Dodge the bullet of a damaging data breach

Recent years have seen information security hit home. Rather than being something that happens ‘over there’, attacks on and breaches at the HSE, the National College of Ireland, TU Dublin and, most recently, Electric Ireland have demonstrated this small country is no more immune to attacks by criminals than is any other.

This should not be a surprise given that the threat landscape is in a constant state of flux and the complexity of the threat continues to grow, said Paul Delahunty, chief information security officer at cloud and security specialist Stryve.

“It’s constantly evolving, and it will always be constantly evolving. It’s not that anything massive has happened recently, but we are seeing an acceleration of the trends that were already under way,” he said.

In practice, this means continuous growth in the threat that needs to be countered.

“They’re becoming smarter and smarter the whole time and AI [artificial intelligence] has thrown a real spanner in the works,” he said.

Pure AI attacks are not yet common, but it has already become a tool in the arsenal of both attackers and defenders. While internet security firms use AI to augment threat hunting, the main use of AI on the other side is to make social engineering more convincing.

“We knew it was coming but perhaps not as quickly as it did. Phishing is still one the biggest threat vectors because it preys on people and people are the soft underbelly.”

Delahunty said the AI problem is only going to get worse, and could cause major epistemological headaches when it comes to security, just as we are seeing in other areas of life.

“I think this question of truth is the biggest threat we are facing. If you can use AI to make phishing attacks smarter and more believable that’s a huge jump forward [for malicious actors]. It sows confusion: ‘What is truth? How do we know what is true and what is not?’ I give it three or four years and we will see real problems.”

In the meantime, however, businesses still have to defend against attackers. Though the Irish, and wider European, economies have fared well enough in recent years, concern is still abroad that interest rate rises could lead to a recession or slowdown. The last time this happened, after the financial crisis, IT spending, including on security, cratered.
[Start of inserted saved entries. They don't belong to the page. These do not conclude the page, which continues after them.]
Hypotheses (E0 : E 0%N = 0)
  (E_incr : forall j k, (j < k)%N -> (k < n)%N -> E j < E k).

Lemma E_le j k : (j <= k)%N -> (k < n)%N -> E j <= E k.
Proof. by rewrite leq_eqVlt => /predU1P[-> //|jk] kn; exact/ltW/E_incr. Qed.

Lemma E_ge0 j : (j < n)%N -> 0 <= E j.
Proof. by rewrite -E0; apply: E_le. Qed.

Lemma E_eq j k : (j < n)%N -> (k < n)%N -> (E j == E k) = (j == k).
Proof.
move=> jn kn; case: ltngtP => [jk|kj|->]; last by rewrite eqxx.
- by rewrite lt_eqF // E_incr.
- by rewrite gt_eqF // E_incr.
Qed.

Variable i : nat.
Hypotheses (i_gt0 : (0 < i)%N) (i_lt : (i < n)%N).

Lemma pair_excess_high j k : (i <= j)%N -> (j < n)%N -> (k < n)%N ->
  0 <= 2 * E j + 2 * E k - 2 * E i
  /\ (2 * E j + 2 * E k - 2 * E i == 0) = (j == i) && (k == 0%N).
Proof.
move=> ij jn kn.
have Eij : 0 <= E j - E i by rewrite subr_ge0 E_le.
have Ek : 0 <= E k by apply: E_ge0.
have -> : 2 * E j + 2 * E k - 2 * E i = 2 * (E j - E i) + 2 * E k by ring.
split; first by rewrite addr_ge0 ?mulr_ge0.
rewrite paddr_eq0 ?mulr_ge0 // !mulf_eq0 pnatr_eq0 /= subr_eq0 -E0.
by rewrite !E_eq // (leq_ltn_trans (leq0n k) kn).
Qed.

Lemma crossing_exp_high (j k : 'I_n) : ~~ ((j < i)%N && (k < i)%N) ->
  0 <= crossing_exp (2 * E i) (j, k)
  /\ (crossing_exp (2 * E i) (j, k) == 0)
     = (j == i :> nat) && (k == 0%N :> nat) || (j == 0%N :> nat) && (k == i :> nat).
Proof.
rewrite /crossing_exp negb_and -!leqNgt /=; case/orP => [ij|ik].
- have [-> ->] := pair_excess_high _ _ ij (ltn_ord j) (ltn_ord k); split=> //.
  have /negbTE -> : j != 0%N :> nat by rewrite -lt0n (leq_trans i_gt0 ij).
  by rewrite orbF.
- rewrite (addrC (2 * E j)).
  have [-> ->] := pair_excess_high _ _ ik (ltn_ord k) (ltn_ord j); split=> //.
  have /negbTE -> : k != 0%N :> nat by rewrite -lt0n (leq_trans i_gt0 ik).
  by rewrite andbF andbC.
Qed.

Lemma crossing_exp_eq0 (j k : 'I_n) :
  ~~ ((j < i)%N && (k < i)%N) && (crossing_exp (2 * E i) (j, k) == 0)
  = (j == i :> nat) && (k == 0%N :> nat) || (j == 0%N :> nat) && (k == i :> nat).
Proof.
case: (boolP ((j < i)%N && (k < i)%N)) => [/andP[ji ki]|high] /=.
- by rewrite (ltn_eqF ji) (ltn_eqF ki) !andbF.
- exact: (crossing_exp_high _ _ high).2.
Qed.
This cannot be allowed to happen again, Delahunty said, now that IT is truly central to the operations of every business. Crucial to this is having the right communications strategy with the board.

“Security is always seen as the insurance policy and so the problem with security is when it is good you don’t see it. We try to advise people to report to boards on the number of threats they have blocked so that people can see the value. If you’re reporting zero breaches it is seen as a waste of money.

“Based on history, security budgets tend to be one of the first to get cut. Working out there in the field you would be shocked. There is an attitude of ‘this stuff happens elsewhere’. Also, explaining the seriousness of the threat can have a paradoxical effect with people saying: ‘Well, if they can get in there they can get in everywhere’.”

The biggest threat today, however, isn’t phishing or malware. It is the massive skills shortage. Indeed, what was estimated to be a total of one million unfilled vacancies worldwide is expected to have risen to 3.5 million by 2025, according to the Cybersecurity Jobs Report published by Cybersecurity Ventures.

This has an obvious impact at home. “Phishing will always be the biggest threat in terms of types of attack, but I think the biggest threat we have today is the lack of cybersecurity professionals. That’s the big threat. The National Cybersecurity Centre has said we, as a country, are thousands short. That is a big existential threat,” said Delahunty.

This is important because, even when businesses have pushed a lot of their operations to public cloud platforms, they are still responsible for elements of security.

“The line of responsibility changes depending on the kind of cloud services you have [but] you need to understand that it’s not just taken care of because it’s ‘in the cloud’. It’s not some magic fix.”